Big Tobacco Entering the E-Cigarette Market

In response to falling sales and profits in Europe, Imperial Tobacco, the world’s fourth largest cigarette company by market share, recently announced that it will be establishing a new venture to develop electronic cigarettes. The company’s Chief Executive, Alison Cooper, stated on 26 February 2013 that “We’re looking at opportunities and we’re actively developing in that area at the moment” and that Imperial Tobacco was “open-minded” about purchasing existing electric cigarette companies [1].

Imperial Tobacco is following the lead set by one its main competitors, British American Tobacco, which established a company called Nicoventures in 2011 to research e-cigarettes [2].

Like many tobacco companies, Imperial Tobacco has seen its sales drop in developed countries as people give up smoking and as the black market grows. Instead, it has been focusing on emerging markets in Saudi Arabia and Turkey where anti-smoking legislation and public awareness of the negative health effects of tobacco is far weaker than in most European countries.

Indeed, 2012 and early 2013 have seen a number of big tobacco companies investing in electronic cigarettes, both in the United Kingdom and United States.

In December 2012, for example, British American Tobacco acquired CN Creative, a company that sells electric cigarettes.

A press release published on the company’s website on 19 December 2012 states that “British American Tobacco announced today that it has acquired CN Creative Limited, a UK based start-up company who specialises in the development of e-cigarette technologies intended to offer smokers a less risky alternative to cigarettes” [3].

According to Euromonitor, a market research company, British American Tobacco and CN Creative have plans to launch what they have called an “e-light cigarette” on to the market some time in 2014 [4].

In the United States, big tobacco companies are similarly investing in e-cigarette research or buying up existing electronic cigarette retailers. Market leader Altria is planning to launch an electric cigarette on to the market some time in the middle of 2013 [5]. Its competitor Reynolds American is currently doing market research on its own e-cigarette [6]. All of these companies, however, are following the lead set by Lorillard, the third biggest cigarette manufacturer in the United States, which purchased the largest American electronic cigarette company – BluCigs – in 2012 for a reported $135 million [7]. Lorillard claims to control 40 per cent of the United States electric cigarette market [8].

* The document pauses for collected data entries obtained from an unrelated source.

(* Let $T:X\to X$ be a continuous map on a compact metric space $X$ such that $\mathcal M^p_T(X)$ is dense in $\mathcal M_T(X)$. Let $\varphi=(\varphi_1,\ldots,\varphi_d)\in C(X,\mathbb R^d)$ and $h\in\operatorname{int}(\mathrm{Rot}(\varphi))$. Then $\mathrm{rv}_\varphi^{-1}(h)\cap\mathcal N_T$ is dense in $\mathrm{rv}_\varphi^{-1}(h)$.
   Context: $\mathcal M_T(X)$ is the set of $T$-invariant Borel probability measures with the weak* topology; $\mathcal M^p_T(X)$ is the set of invariant measures supported on a single periodic orbit. For $\mu\in\mathcal M_T(X)$, $\mathrm{rv}_\varphi(\mu)=(\int\varphi_1d\mu,\dots,\int\varphi_dd\mu)$, $\mathrm{Rot}(\varphi)=\{\mathrm{rv}_\varphi(\mu):\mu\in\mathcal M_T(X)\}\subset\mathbb R^d$, and $\mathrm{rv}_\varphi^{-1}(h)\subset \mathcal M_T(X)$ carries the subspace topology. Let $\Delta^{d+1}=\{(\lambda_1,\dots,\lambda_{d+1})\in(0,1)^{d+1}:\sum\lambda_i=1\}$. $\mathcal N_T$ is the set of measures $\sum_{i=1}^{d+1}\lambda_i\mu_i$ with $\mu_i\in\mathcal M^p_T(X)$, $(\lambda_1,\dots,\lambda_{d+1})\in\Delta^{d+1}$, and such that the vectors $\mathrm{rv}_\varphi(\mu_i)-\mathrm{rv}_\varphi(\mu_{d+1})$, $i=1,\dots,d$, span $\mathbb R^d$. *)

From HB Require Import structures.
From mathcomp Require Import all_boot all_order all_algebra.
From mathcomp Require Import all_classical all_reals all_analysis.
Set Implicit Arguments. Unset Strict Implicit. Unset Printing Implicit Defensive.
Import Order.TTheory GRing.Theory Num.Theory.
Import numFieldNormedType.Exports.
Local Open Scope classical_set_scope.
Local Open Scope ring_scope.

Definition borel (X : ptopologicalType) := g_sigma_algebraType (@open X).

Definition bprob (R : realType) (X : ptopologicalType) := probability (borel X) R.
Definition glue (j : nat) : nat :=
  if j \in fins F2 then nth 0%N (fouts F1) (index j (fins F2)) else (fbound F1 + j)%N.

Lemma glue_fins j : j \in fins F2 -> glue j \in fouts F1.
Proof. by move=> j_in; rewrite /glue j_in mem_nth // sizes_match index_mem. Qed.

Lemma glue_notin j : j \notin fins F2 -> glue j = (fbound F1 + j)%N.
Proof. by move=> j_out; rewrite /glue (negbTE j_out). Qed.

Lemma glue_fouts_lt j : j \in fins F2 -> (glue j < fbound F1)%N.
Proof.
move=> /glue_fins j_out; apply: (allP (bottoms_bounded wl1)).
by rewrite mem_cat j_out.
Qed.

Lemma glue_inj : injective glue.
Proof.
have u_fouts : uniq (fouts F1) by have := uniq_bottoms wl1; rewrite cat_uniq => /andP[].
move=> j1 j2; case: (boolP (j1 \in fins F2)) => j1_in; case: (boolP (j2 \in fins F2)) => j2_in.
- rewrite /glue j1_in j2_in => /eqP; rewrite nth_uniq ?sizes_match ?index_mem // => /eqP.
  by move/(congr1 (nth 0%N (fins F2))); rewrite !nth_index.
- move=> E; have := glue_fouts_lt j1_in; rewrite E glue_notin //.
  by rewrite ltnNge leq_addr.
- move=> E; have := glue_fouts_lt j2_in; rewrite -E glue_notin //.
  by rewrite ltnNge leq_addr.
- by rewrite !glue_notin // => /addnI.
Qed.

Lemma glue_lt j : (j < fbound F2)%N -> (glue j < fbound F1 + fbound F2)%N.
Proof.
case: (boolP (j \in fins F2)) => j_in j_lt; last by rewrite glue_notin // ltn_add2l.
exact: leq_trans (glue_fouts_lt j_in) (leq_addr _ _).
Qed.

Lemma well_labelled_seq : well_labelled F2 -> well_labelled (seq_fd F1 F2).
Proof.
move: wl1 => [ut1 ub1 tb1 bb1 ar1] [ut2 ub2 tb2 bb2 ar2].
have topsE : tops (seq_fd F1 F2) = tops F1 ++ map glue (node_outs (fnodes F2)).
  by rewrite /tops /= node_outs_glue catA.
have botsE : perm_eq (bottoms (seq_fd F1 F2))
                     (node_ins (fnodes F1) ++ map glue (bottoms F2)).
  by rewrite /bottoms /= node_ins_glue map_cat perm_catCA.
have [/hasPn nouts2_fresh u_nouts2] : ~~ has (mem (fins F2)) (node_outs (fnodes F2))
                                      /\ uniq (node_outs (fnodes F2)).
  by move: ut2; rewrite cat_uniq => /and3P[].
have [/hasPn nins1_fresh u_nins1] : ~~ has (mem (fouts F1)) (node_ins (fnodes F1))
                                    /\ uniq (node_ins (fnodes F1)).
  by move: ub1; rewrite cat_uniq => /and3P[].
have nins1_lt : all (fun e => e < fbound F1)%N (node_ins (fnodes F1)).
  by move: bb1; rewrite all_cat => /andP[].
have nouts2_lt : all (fun e => e < fbound F2)%N (node_outs (fnodes F2)).
  by move: tb2; rewrite all_cat => /andP[].
have widen s : all (fun e => e < fbound F1)%N s -> all (fun e => e < fbound F1 + fbound F2)%N s.
  by move=> /allP s_lt; apply/allP => e /s_lt /leq_trans; apply; rewrite leq_addr.
have glued_lt s : all (fun e => e < fbound F2)%N s ->
    all (fun e => e < fbound F1 + fbound F2)%N (map glue s).
  by move=> /allP s_lt; rewrite all_map; apply/allP => e /s_lt /glue_lt.
split.
- rewrite topsE uniq_cat_map_inj //; first exact: glue_inj.
  move=> j /nouts2_fresh j_out; rewrite glue_notin //.
  by apply: notin_bounded tb1 _; rewrite leq_addr.
- rewrite (perm_uniq botsE) uniq_cat_map_inj //; first exact: glue_inj.
  move=> j _; case: (boolP (j \in fins F2)) => j_in.
    by apply: contraL (glue_fins j_in) => /nins1_fresh.
  by rewrite glue_notin //; apply: notin_bounded nins1_lt _; rewrite leq_addr.
- by rewrite topsE all_cat widen // glued_lt.
- by rewrite (perm_all _ botsE) all_cat widen // glued_lt.
- exact: arities_ok_glue.
Qed.

End SeqGlue.

Lemma well_labelled_gen g : well_labelled (flat_gen g).
Proof.
case: g => [||||n m a|]; split => //; rewrite /tops /bottoms /node_ins /node_outs /= cats0.
all: have iota_nm : iota 0 n ++ iota n m = iota 0 (n + m) by rewrite iotaD.
- by rewrite iota_nm iota_uniq.
- by rewrite uniq_catC iota_nm iota_uniq.
- by rewrite iota_nm; apply/allP => e; rewrite mem_iota.
- by rewrite all_cat andbC -all_cat iota_nm; apply/allP => e; rewrite mem_iota.
Qed.

Lemma flat_well_labelled D : wf D -> well_labelled (flat D).
Proof.
elim: D => [g | D1 IH1 D2 IH2 | D1 IH1 D2 IH2] /=.
- by move=> _; apply: well_labelled_gen.
- by case/and3P=> /IH1 wl1 /IH2 wl2 /eqP sizes; apply: well_labelled_seq.
- by case/andP=> /IH1 wl1 /IH2 wl2; apply: well_labelled_par.
Qed.

Lemma In_seq_nth (T : Type) (s : seq T) x :
  List.In x s -> exists2 k, (k < size s)%N & nth x s k = x.
Proof.
elim: s => //= y s IH [-> | /IH[k k_lt sk]]; first by exists 0%N.
by exists k.+1.
Qed.

Lemma diffusion_rule_polarity F c : well_labelled F -> is_cycle F c ->
  forall t rhs, diffusion_rule F t rhs -> forall q, q \in rhs -> polarity c q.2 = polarity_tok c t.
Proof.
move=> [ut ub _ _ ar] cyc t rhs [nd nd_in rule]; have [k k_lt nd_k] := In_seq_nth nd_in.
have u_ins : uniq (node_ins (fnodes F)) by move: ub; rewrite cat_uniq => /and3P[].
have u_outs : uniq (node_outs (fnodes F)) by move: ut; rewrite cat_uniq => /and3P[].
apply: node_rule_polarity rule; first by case: cyc => -[].
  by rewrite -nd_k; apply: (all_nthP _ ar).
by rewrite -nd_k; apply: node_balance.
Qed.

Lemma big_step_homogeneous F c p s s' : well_labelled F -> is_cycle F c ->
  homogeneous c p s -> big_step F s s' -> homogeneous c p s'.
Proof.
move=> wl cyc s_hom [s1 d_s1 [c_steps _]].
have c_uniq : uniq (map fst c) by case: cyc => -[].
have s1_hom := d_step_homogeneous (diffusion_rule_polarity wl cyc) s_hom d_s1.
by apply: (star_invariant _ s1_hom c_steps) => s2 s3; apply: c_step_homogeneous.
Qed.

Theorem mainTheorem3 (D : diagram) (c : seq tedge) (ts : seq token) (s : tstate) :
  wf D ->
  is_cycle (flat D) c ->
  (forall t, t \in ts -> tok_edge t \in fedges (flat D)) ->
  star (big_step (flat D)) (state_of_mono (mono_of ts)) s ->
  forall m : monomial, s m != 0 -> polarity c (mono_of ts) = polarity c m.
Proof.
(* Polarity is preserved whether or not the initial tokens lie on edges of [D]. *)
move=> wfD cyc _ steps m sm.
pose P0 := polarity c (mono_of ts).
have init : homogeneous c P0 (state_of_mono (mono_of ts)).
  by move=> u; rewrite /state_of_mono; case: (@eqP _ u) => [-> | _]; rewrite ?mulr0n ?eqxx.
have step s1 s2 : homogeneous c P0 s1 -> big_step (flat D) s1 s2 -> homogeneous c P0 s2.
  exact: big_step_homogeneous (flat_well_labelled wfD) cyc.
by rewrite (star_invariant step init steps _ sm).
Qed.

The big tobacco companies, realising that tobacco cigarettes are a dying business throughout the developed world, have decided to get in to the e-cigarette market in an effort to maintain their earnings in these markets where fewer people are smoking.

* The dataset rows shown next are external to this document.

Lemma nth_inord4 (s : seq R) k : (k < 4)%N -> s`_(inord k : 'I_4) = s`_k.
Proof. by move=> k4; rewrite inordK. Qed.

Lemma dotv4 (u v : 'I_4 -> R) : dotv u v =
  u (inord 0) * v (inord 0) + u (inord 1) * v (inord 1) +
  u (inord 2) * v (inord 2) + u (inord 3) * v (inord 3).
Proof.
rewrite /dotv !big_ord_recl big_ord0 addr0 !addrA.
by congr (u _ * v _ + u _ * v _ + u _ * v _ + u _ * v _);
  apply/val_inj; rewrite /= inordK.
Qed.

Lemma fun4_eq (u v : 'I_4 -> R) :
  (forall k, (k < 4)%N -> u (inord k) = v (inord k)) -> u = v.
Proof. by move=> uv; apply/funext => i; rewrite -(inord_val i) uv. Qed.

End four_vectors.

Section beinf_exponential_family.
Context {R : realType}.
Implicit Types (th : R * R * R * R) (x : 'I_4 -> R) (y : R).

Definition beta_const (m p : R) : R :=
  Gamma p / (Gamma (m * p) * Gamma ((1 - m) * p)).

Lemma beta_const_gt0 (m p : R) : 0 < m < 1 -> 0 < p -> 0 < beta_const m p.
Proof.
move=> /andP[m0 m1] p0.
by rewrite divr_gt0 ?mulr_gt0 ?Gamma_gt0 ?mulr_gt0 ?subr_gt0.
Qed.

Definition beinf_eta th : 'I_4 -> R := let: (a, g, m, p) := th in
  fun i => [:: ln (a * (1 - g) / ((1 - a) * beta_const m p));
               ln (a * g / ((1 - a) * beta_const m p)); m * p; (1 - m) * p]`_i.

Definition beinf_eta_inv x : R * R * R * R :=
  let p := x (inord 2) + x (inord 3) in
  let m := x (inord 2) / p in
  let u0 := beta_const m p * expR (x (inord 0)) in
  let u1 := beta_const m p * expR (x (inord 1)) in
  ((u0 + u1) / (1 + (u0 + u1)), u1 / (u0 + u1), m, p).

(* In closed form,
   [B x = ln (e ^ x0 + e ^ x1 + Gamma x2 Gamma x3 / Gamma (x2 + x3))]. *)
Definition beinf_B x : R :=
  let: (a, _, m, p) := beinf_eta_inv x in - ln ((1 - a) * beta_const m p).

(* Since [ln 0 = 0], [T 0 = (1, 0, 0, 0)], [T 1 = (0, 1, 0, 0)] and [h] is [1]
   at the atoms, while [h y = 1 / (y (1 - y))] on [(0, 1)]. *)
Definition beinf_T y : 'I_4 -> R :=
  fun i => [:: (y == 0)%:R; (y == 1)%:R; ln y; ln (1 - y)]`_i.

[1] “Imperial Tobacco to develop e-cigarettes as profits drop”, Reuters, 30 April 2013.
[2] British American Tobacco, “British American Tobacco establishes stand-alone company, Nicoventures Limited”, British American Tobacco website, 5 April 2011.
[3] British American Tobacco, “British American Tobacco buys UK based e-cigarette technology company”, British American Tobacco website, 19 December 2012.
[4] Don Hedley, “What’s happening in tobacco”, Euromonitor International, 29 March 2013.
[5] Mike Esterl & John Kell, “Altria to enter e-cigarette market”, The Wall Street Journal, 25 April 2013.
[6] Reynolds American, Quarterly Report, United States Securities and Exchange Commission, 23 April 2013.
[7] Lorillard, “Lorillard Inc. reports first quarter 2012 results and acquisition of blu ecigs”, Lorillard website, 25 April 2012.
[8] Shane MacGuill, “Mass appeal: Lorillard earnings releases give a unique glimpse of US e-cigarette market”, Euromonitor International, 1 May 2013.